[[ Recorded information open ]]

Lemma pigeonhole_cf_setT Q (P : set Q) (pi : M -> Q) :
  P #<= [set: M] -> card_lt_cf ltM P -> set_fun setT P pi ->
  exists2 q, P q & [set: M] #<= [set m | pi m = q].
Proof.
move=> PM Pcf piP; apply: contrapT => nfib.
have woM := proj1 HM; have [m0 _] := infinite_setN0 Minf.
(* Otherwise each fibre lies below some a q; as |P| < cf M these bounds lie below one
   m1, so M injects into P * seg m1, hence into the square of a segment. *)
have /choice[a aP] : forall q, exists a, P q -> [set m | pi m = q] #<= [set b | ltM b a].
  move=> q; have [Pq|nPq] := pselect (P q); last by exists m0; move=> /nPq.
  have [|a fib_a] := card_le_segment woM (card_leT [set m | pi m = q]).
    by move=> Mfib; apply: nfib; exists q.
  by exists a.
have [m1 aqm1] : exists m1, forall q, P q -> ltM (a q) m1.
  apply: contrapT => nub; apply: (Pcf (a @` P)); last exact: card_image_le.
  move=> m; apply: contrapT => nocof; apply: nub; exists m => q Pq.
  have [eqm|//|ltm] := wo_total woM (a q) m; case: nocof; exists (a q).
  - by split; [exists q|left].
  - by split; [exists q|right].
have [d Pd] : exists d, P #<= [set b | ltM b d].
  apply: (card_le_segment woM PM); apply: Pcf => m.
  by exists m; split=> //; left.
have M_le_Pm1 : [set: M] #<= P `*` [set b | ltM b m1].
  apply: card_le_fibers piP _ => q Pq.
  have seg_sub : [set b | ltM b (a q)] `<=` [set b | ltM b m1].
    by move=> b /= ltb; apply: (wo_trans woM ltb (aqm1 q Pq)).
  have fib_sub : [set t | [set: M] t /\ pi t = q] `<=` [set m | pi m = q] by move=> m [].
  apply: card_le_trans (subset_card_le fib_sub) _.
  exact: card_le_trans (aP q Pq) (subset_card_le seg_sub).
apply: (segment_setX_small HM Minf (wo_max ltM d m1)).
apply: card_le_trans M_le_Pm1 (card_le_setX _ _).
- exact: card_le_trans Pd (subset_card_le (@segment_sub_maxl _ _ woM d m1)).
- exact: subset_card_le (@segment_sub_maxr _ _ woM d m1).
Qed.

[[ Recorded information closed ]]
[[ Recorded information open ]]

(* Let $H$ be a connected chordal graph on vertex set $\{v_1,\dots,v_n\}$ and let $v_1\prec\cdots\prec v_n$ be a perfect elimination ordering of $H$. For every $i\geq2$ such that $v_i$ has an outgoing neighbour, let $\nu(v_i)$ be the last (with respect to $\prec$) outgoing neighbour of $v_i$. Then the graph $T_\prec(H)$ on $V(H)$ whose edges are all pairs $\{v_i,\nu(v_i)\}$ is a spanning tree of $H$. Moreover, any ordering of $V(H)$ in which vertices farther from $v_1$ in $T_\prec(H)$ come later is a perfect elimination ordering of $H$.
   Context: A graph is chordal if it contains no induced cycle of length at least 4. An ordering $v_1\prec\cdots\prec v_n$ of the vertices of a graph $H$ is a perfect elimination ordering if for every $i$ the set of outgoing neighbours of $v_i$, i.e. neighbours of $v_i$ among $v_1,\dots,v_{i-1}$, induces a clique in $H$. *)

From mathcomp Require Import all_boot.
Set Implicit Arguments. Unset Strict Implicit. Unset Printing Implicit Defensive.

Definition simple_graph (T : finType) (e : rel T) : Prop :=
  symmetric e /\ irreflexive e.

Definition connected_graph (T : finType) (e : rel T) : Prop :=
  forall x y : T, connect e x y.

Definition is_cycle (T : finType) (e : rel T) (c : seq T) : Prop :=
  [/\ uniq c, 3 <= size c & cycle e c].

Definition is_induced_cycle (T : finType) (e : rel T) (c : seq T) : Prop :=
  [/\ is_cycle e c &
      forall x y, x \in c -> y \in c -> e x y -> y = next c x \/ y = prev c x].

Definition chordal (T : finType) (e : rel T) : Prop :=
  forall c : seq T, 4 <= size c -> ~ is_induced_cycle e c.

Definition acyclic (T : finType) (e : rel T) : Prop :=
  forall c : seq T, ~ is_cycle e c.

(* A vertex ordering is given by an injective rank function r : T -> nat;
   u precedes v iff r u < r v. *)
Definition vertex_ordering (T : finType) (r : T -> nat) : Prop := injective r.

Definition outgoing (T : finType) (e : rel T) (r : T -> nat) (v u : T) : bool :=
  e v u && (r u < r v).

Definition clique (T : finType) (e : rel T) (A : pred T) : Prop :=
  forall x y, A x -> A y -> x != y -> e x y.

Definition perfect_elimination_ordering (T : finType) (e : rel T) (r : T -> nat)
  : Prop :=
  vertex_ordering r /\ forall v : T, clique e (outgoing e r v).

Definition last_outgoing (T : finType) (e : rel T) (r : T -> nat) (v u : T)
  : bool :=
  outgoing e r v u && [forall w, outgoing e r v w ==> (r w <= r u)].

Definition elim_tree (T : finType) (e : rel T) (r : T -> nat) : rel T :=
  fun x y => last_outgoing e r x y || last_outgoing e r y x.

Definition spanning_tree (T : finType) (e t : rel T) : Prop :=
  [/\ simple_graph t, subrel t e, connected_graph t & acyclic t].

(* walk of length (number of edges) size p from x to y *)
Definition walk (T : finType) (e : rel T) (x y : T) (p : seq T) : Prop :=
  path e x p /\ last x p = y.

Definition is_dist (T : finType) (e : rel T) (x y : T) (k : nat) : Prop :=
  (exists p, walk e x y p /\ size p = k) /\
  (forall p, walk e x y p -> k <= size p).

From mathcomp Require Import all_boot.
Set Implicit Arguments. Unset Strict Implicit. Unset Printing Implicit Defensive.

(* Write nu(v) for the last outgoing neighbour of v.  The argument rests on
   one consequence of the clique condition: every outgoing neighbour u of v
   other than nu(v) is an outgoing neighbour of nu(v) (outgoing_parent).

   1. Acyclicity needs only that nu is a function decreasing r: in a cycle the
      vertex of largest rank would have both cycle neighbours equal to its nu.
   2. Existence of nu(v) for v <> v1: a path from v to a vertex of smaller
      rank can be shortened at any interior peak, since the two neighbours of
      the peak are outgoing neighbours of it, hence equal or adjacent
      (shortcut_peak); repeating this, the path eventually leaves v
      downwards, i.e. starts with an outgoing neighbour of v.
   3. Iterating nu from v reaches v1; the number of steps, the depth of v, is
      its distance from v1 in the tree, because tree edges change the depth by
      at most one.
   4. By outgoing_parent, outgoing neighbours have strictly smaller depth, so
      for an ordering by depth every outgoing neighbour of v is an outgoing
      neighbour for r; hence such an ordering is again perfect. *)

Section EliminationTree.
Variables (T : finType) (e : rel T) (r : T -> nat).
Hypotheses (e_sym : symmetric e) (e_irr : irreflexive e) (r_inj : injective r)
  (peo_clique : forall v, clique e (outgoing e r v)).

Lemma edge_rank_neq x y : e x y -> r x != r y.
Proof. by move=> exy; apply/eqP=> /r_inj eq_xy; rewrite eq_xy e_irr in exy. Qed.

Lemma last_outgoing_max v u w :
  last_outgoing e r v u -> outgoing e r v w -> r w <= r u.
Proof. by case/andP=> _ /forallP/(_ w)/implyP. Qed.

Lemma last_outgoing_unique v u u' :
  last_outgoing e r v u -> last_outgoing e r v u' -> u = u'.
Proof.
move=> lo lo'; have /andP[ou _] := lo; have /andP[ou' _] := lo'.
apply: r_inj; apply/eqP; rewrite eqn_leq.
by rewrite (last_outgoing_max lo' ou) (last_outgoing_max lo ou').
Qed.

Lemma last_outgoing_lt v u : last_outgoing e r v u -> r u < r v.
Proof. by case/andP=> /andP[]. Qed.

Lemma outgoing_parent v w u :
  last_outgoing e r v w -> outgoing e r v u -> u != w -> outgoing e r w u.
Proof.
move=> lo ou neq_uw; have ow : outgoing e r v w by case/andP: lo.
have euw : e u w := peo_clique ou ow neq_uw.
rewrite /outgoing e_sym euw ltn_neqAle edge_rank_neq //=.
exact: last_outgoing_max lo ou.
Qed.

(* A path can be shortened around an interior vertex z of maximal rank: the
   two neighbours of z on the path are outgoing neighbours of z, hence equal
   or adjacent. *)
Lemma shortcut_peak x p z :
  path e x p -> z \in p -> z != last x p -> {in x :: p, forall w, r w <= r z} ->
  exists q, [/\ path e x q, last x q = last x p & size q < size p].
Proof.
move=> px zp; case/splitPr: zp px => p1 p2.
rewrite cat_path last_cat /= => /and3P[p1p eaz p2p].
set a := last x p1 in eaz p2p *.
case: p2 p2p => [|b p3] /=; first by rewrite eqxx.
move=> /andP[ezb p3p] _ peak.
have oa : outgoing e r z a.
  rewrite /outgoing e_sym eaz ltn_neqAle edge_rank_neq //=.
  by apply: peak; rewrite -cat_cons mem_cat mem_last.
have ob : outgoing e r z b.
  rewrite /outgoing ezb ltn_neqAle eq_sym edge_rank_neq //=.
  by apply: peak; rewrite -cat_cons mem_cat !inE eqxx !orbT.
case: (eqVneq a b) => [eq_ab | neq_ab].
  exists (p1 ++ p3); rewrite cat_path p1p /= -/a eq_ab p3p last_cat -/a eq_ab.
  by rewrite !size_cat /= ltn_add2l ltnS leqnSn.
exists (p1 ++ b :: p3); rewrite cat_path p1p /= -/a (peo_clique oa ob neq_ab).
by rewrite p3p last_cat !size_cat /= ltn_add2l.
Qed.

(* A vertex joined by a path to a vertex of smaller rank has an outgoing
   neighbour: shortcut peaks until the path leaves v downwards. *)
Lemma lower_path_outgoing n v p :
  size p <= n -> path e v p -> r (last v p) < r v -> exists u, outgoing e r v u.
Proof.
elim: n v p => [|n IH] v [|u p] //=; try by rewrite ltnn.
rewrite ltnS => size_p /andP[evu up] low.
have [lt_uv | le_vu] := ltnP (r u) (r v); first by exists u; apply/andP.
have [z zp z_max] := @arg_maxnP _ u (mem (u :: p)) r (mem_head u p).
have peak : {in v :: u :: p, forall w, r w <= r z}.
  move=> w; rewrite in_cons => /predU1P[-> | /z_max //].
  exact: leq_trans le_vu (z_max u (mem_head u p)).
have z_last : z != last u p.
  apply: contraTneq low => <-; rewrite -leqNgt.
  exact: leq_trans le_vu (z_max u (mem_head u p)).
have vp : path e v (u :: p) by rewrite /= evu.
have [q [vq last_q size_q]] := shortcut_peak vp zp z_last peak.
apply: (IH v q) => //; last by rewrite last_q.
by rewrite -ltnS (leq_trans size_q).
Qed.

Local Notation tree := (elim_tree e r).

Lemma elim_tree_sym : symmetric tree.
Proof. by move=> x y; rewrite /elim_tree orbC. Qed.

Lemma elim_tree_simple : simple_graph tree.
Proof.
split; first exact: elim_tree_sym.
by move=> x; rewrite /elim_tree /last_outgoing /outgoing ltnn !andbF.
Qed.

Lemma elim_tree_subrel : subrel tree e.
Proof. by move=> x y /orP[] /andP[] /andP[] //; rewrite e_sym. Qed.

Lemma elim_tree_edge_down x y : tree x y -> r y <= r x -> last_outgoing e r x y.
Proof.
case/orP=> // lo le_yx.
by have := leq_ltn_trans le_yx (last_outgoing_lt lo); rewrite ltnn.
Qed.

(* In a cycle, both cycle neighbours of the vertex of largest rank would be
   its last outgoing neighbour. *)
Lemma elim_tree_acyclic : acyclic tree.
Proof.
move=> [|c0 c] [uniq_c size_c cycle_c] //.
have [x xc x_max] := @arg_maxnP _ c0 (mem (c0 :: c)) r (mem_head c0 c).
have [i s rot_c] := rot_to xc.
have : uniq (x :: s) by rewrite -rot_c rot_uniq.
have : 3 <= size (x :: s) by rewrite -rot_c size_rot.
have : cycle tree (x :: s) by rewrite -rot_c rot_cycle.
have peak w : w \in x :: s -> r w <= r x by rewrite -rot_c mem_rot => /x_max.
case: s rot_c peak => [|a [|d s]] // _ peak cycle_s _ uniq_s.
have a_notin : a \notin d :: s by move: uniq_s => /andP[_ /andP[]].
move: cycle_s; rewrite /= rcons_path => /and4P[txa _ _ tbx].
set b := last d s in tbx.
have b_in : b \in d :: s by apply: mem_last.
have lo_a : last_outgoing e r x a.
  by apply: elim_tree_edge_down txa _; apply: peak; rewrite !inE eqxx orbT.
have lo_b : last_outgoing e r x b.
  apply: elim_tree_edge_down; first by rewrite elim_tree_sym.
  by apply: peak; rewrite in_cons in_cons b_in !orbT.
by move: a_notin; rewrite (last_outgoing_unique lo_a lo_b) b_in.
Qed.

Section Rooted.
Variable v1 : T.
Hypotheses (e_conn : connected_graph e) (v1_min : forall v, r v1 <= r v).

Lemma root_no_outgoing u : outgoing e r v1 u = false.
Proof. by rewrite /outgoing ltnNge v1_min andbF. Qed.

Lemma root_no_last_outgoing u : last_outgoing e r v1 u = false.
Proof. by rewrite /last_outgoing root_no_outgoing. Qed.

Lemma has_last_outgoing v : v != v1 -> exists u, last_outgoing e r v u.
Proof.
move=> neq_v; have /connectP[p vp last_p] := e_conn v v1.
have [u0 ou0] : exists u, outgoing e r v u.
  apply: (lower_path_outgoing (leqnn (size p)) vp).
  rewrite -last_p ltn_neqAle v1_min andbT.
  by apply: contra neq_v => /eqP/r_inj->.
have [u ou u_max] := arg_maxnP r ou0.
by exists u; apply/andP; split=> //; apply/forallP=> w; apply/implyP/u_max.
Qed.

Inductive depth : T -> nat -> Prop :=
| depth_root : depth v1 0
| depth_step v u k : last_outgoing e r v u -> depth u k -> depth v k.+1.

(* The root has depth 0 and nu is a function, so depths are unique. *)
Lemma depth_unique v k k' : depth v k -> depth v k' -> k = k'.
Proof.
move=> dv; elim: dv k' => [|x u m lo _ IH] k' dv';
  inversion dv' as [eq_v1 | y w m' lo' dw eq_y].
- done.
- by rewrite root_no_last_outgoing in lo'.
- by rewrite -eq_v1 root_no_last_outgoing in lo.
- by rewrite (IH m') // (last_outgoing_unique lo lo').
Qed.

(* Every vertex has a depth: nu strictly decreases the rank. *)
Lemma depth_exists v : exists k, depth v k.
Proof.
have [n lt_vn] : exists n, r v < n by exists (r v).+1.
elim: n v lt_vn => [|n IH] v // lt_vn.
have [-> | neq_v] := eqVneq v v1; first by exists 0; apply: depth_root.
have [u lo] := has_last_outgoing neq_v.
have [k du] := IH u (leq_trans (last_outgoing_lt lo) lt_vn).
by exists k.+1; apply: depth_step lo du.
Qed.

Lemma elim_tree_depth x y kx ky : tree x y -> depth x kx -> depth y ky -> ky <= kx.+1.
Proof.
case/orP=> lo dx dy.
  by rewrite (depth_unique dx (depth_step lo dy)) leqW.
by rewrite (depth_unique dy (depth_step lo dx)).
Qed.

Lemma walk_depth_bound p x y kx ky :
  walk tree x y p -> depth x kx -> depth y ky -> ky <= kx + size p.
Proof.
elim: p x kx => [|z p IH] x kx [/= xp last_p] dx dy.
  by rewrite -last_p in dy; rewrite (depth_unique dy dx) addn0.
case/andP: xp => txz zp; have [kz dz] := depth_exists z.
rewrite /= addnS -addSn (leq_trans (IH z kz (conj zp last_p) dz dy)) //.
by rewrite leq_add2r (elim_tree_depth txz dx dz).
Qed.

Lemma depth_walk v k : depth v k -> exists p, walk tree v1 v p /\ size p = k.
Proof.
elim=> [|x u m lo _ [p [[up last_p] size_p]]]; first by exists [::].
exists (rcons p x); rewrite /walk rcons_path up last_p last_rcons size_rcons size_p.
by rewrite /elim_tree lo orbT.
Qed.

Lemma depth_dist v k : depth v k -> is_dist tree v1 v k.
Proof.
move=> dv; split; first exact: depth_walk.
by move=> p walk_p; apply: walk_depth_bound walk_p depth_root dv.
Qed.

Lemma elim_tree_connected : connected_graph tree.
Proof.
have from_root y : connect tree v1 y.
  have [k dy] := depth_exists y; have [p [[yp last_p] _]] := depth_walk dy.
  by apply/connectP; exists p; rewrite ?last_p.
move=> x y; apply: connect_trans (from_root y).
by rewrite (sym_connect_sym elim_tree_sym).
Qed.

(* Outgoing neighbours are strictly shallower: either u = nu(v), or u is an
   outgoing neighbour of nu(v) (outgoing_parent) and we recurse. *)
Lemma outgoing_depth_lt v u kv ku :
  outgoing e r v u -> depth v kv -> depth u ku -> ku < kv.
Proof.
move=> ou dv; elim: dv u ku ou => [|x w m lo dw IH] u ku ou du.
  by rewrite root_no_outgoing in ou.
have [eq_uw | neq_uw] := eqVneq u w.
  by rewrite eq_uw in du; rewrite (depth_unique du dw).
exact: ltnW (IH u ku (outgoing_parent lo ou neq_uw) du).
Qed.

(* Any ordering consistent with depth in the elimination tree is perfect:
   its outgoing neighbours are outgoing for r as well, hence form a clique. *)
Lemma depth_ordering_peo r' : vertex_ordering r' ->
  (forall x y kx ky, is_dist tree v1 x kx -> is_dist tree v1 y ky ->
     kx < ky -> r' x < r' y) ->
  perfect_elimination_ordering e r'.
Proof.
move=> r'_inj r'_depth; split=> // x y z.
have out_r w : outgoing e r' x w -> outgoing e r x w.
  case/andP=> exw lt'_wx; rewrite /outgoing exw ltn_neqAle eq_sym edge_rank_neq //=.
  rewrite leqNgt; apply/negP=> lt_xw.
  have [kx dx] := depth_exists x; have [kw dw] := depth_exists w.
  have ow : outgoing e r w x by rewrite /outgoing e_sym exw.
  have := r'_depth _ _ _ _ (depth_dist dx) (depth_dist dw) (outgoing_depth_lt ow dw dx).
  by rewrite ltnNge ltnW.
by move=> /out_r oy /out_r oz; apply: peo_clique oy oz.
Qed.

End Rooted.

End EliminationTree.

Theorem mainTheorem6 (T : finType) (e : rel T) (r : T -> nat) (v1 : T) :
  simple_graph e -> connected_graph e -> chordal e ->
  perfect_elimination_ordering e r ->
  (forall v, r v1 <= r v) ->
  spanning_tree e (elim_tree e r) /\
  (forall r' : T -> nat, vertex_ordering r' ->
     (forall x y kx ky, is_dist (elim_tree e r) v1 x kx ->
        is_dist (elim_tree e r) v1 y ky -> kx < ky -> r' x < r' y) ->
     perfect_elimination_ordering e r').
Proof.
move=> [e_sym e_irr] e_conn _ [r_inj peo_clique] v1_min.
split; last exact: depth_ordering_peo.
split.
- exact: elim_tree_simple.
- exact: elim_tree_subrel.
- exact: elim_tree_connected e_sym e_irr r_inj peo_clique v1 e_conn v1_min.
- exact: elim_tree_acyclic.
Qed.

[[ Recorded information closed ]]

• To do:
Print, from the entries above, the line with "Lemma pigeonhole_cf_setT Q", the line with "(* Otherwise each" and all lines between them, exactly and with nothing else.

• Finished exercise:
Lemma pigeonhole_cf_setT Q (P : set Q) (pi : M -> Q) :
  P #<= [set: M] -> card_lt_cf ltM P -> set_fun setT P pi ->
  exists2 q, P q & [set: M] #<= [set m | pi m = q].
Proof.
move=> PM Pcf piP; apply: contrapT => nfib.
have woM := proj1 HM; have [m0 _] := infinite_setN0 Minf.
(* Otherwise each fibre lies below some a q; as |P| < cf M these bounds lie below one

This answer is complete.